The corporate headquarters was moved from Massachusetts to Orlando, Florida. After his falling-out with Wise that resulted in her dismissal in 1958, Tupper sold The Tupperware Company for $16 million to Rexall. Shortly afterward, he divorced his wife, gave up his U.S. citizenship to avoid taxes, and bought an island just off the coast of Costa Rica or according to other sources Isla San José.

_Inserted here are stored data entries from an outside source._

(* Let $\epsilon>0$ be a constant and let the input graph have $n$ vertices. In any call to ContractLayer, within each outer round there are at most $O(\log n)$ inner rounds, with high probability.
   Context: Setting: an undirected graph $G=(V,E,w)$ with $n$ vertices and positive edge weights. A partition of $V$ into clusters is maintained (initially singletons), together with the cluster graph $H$ whose vertices are the clusters, with an edge between clusters $X\neq Y$ iff $G$ has an edge between them, of average-linkage weight $\mathcal{W}(X,Y)=\sum_{(x,y)\in E,\,x\in X,\,y\in Y} w(x,y)/(|X||Y|)$. The size $|X|$ of a vertex of $H$ is the size of its cluster; merging means replacing two clusters by their union. ContractLayer$(H,T_L,\epsilon)$: while the maximum edge weight of $H$ is at least $T_L$, perform an outer round: color each non-isolated vertex of $H$ red or blue independently with probability $1/2$ each; let $G_c$ consist of the edges of $H$ of weight $\ge T_L$ joining a blue vertex $x$ to a red vertex $y$ with $|y|\ge|x|$. While $G_c$ has edges, perform an inner round: each blue vertex $b$ picks an independent uniform priority $\pi_b\in[0,1]$ and a uniformly random red neighbor $C_b$ in $G_c$ (blue vertices with no red neighbor in $G_c$ do nothing); for each red $r$, order the blue vertices proposing to $r$ by priority and select the shortest prefix whose total cluster size exceeds $\epsilon|r|$ (all of them if no prefix does); merge every selected blue vertex into its red vertex, updating all edge weights of $H$ and $G_c$ exactly; then remove from $G_c$ every edge with two red endpoints or weight below $T_L$, and remove from $G_c$ every red vertex whose cluster size has grown by more than a factor $(1+\epsilon)$ since the start of the outer round. ''With high probability'' means: for every constant $k$, the bound holds (with constant depending on $k$) with probability at least $1-n^{-k}$. *)

(* A finite (discrete) probability model of one outer round
   of ContractLayer. *)
From HB Require Import structures.
From mathcomp Require Import all_boot all_order all_algebra.
Set Implicit Arguments. Unset Strict Implicit. Unset Printing Implicit Defensive.
Import Order.TTheory GRing.Theory Num.Theory.
Local Open Scope ring_scope.
Lemma fle_labelling t t' : t \in orbit_labellings -> t' \in orbit_labellings ->
  fle (fun_of_labelling t) (fun_of_labelling t') = bits_le t t'.
Proof.
move=> /mem_labellings[St _] /mem_labellings[St' _].
apply/forallP/(bits_leP (etrans St (esym St'))) => [H k|H x].
  rewrite St => Hk; have := H (vec_of n (orbit_rep k)).
  by have [Ik Sk] := orbit_rep_index Hk; rewrite !ffunE vec_ofK // Ik => /implyP.
by rewrite !ffunE; apply/implyP/H; rewrite St orbit_index_lt.
Qed.

Lemma chains4_labellings : chains4 (@fle n) (Phi p) =
  \sum_(a <- orbit_labellings) \sum_(b <- orbit_labellings) \sum_(c <- orbit_labellings)
    \sum_(d <- orbit_labellings) (bits_le a b * bits_le b c * bits_le c d).
Proof.
rewrite /chains4 sum_Phi; apply: eq_big_seq => a Ha.
rewrite sum_Phi; apply: eq_big_seq => b Hb.
rewrite sum_Phi; apply: eq_big_seq => c Hc.
rewrite sum_Phi; apply: eq_big_seq => d Hd.
by rewrite !fle_labelling.
Qed.

End OrbitLabellings.

Definition greedy_reps (n ord : nat) (pl : seq nat) : seq (seq bool) :=
  foldl (fun R s => if has (reaches ord pl s) R then R else rcons R s) [::] (all_bits n).

(* Step 4: counting chains in a list L for a relation r.  chains_from k a counts the
   chains a = a_0 r a_1 r ... r a_k; chain_table computes these numbers for all a in
   binary arithmetic, level by level, reusing the previous level. *)
Section ChainCounting.
Variables (T : Type) (r : T -> T -> bool) (L : seq T).

Fixpoint chains_from (k : nat) (a : T) : nat :=
  if k is k'.+1 then \sum_(b <- L) r a b * chains_from k' b else 1.

Lemma chains_from3 :
  \sum_(a <- L) \sum_(b <- L) \sum_(c <- L) \sum_(d <- L) (r a b * r b c * r c d) =
  \sum_(a <- L) chains_from 3 a.
Proof.
apply: eq_bigr => a _ /=; apply: eq_bigr => b _.
rewrite big_distrr; apply: eq_bigr => c _ /=.
by rewrite mulnA big_distrr; apply: eq_bigr => d _; rewrite muln1.
Qed.

Definition sumN (s : seq N) : N := foldr N.add 0%num s.

Lemma N_of_sum (F : T -> nat) (s : seq T) :
  N.of_nat (\sum_(x <- s) F x) = sumN [seq N.of_nat (F x) | x <- s].
Proof. by elim: s => [|x s IH]; rewrite ?big_nil ?big_cons //= Nat2N.inj_add IH. Qed.

Fixpoint chain_table (k : nat) : seq N :=
  if k is k'.+1 then
    let w := chain_table k' in
    [seq sumN [seq (if r a bv.1 then bv.2 else 0%num) | bv <- zip L w] | a <- L]
  else [seq 1%num | _ <- L].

He co-founded 'Sterilite', a plastic houseware manufacturing company, in 1939 with Saul and Edward Stone.

==Philanthropy==
In 1969, Tupper donated 428 acres of land in Smithfield, Rhode Island, to his alma mater, Bryant College (now named Bryant University). The land was developed into the college's new campus, which opened in 1971. The campus in Providence where Tupper had once studied was sold to Brown University.

==Death==
Tupper died in Costa Rica on October 3, 1983, at the age of 76.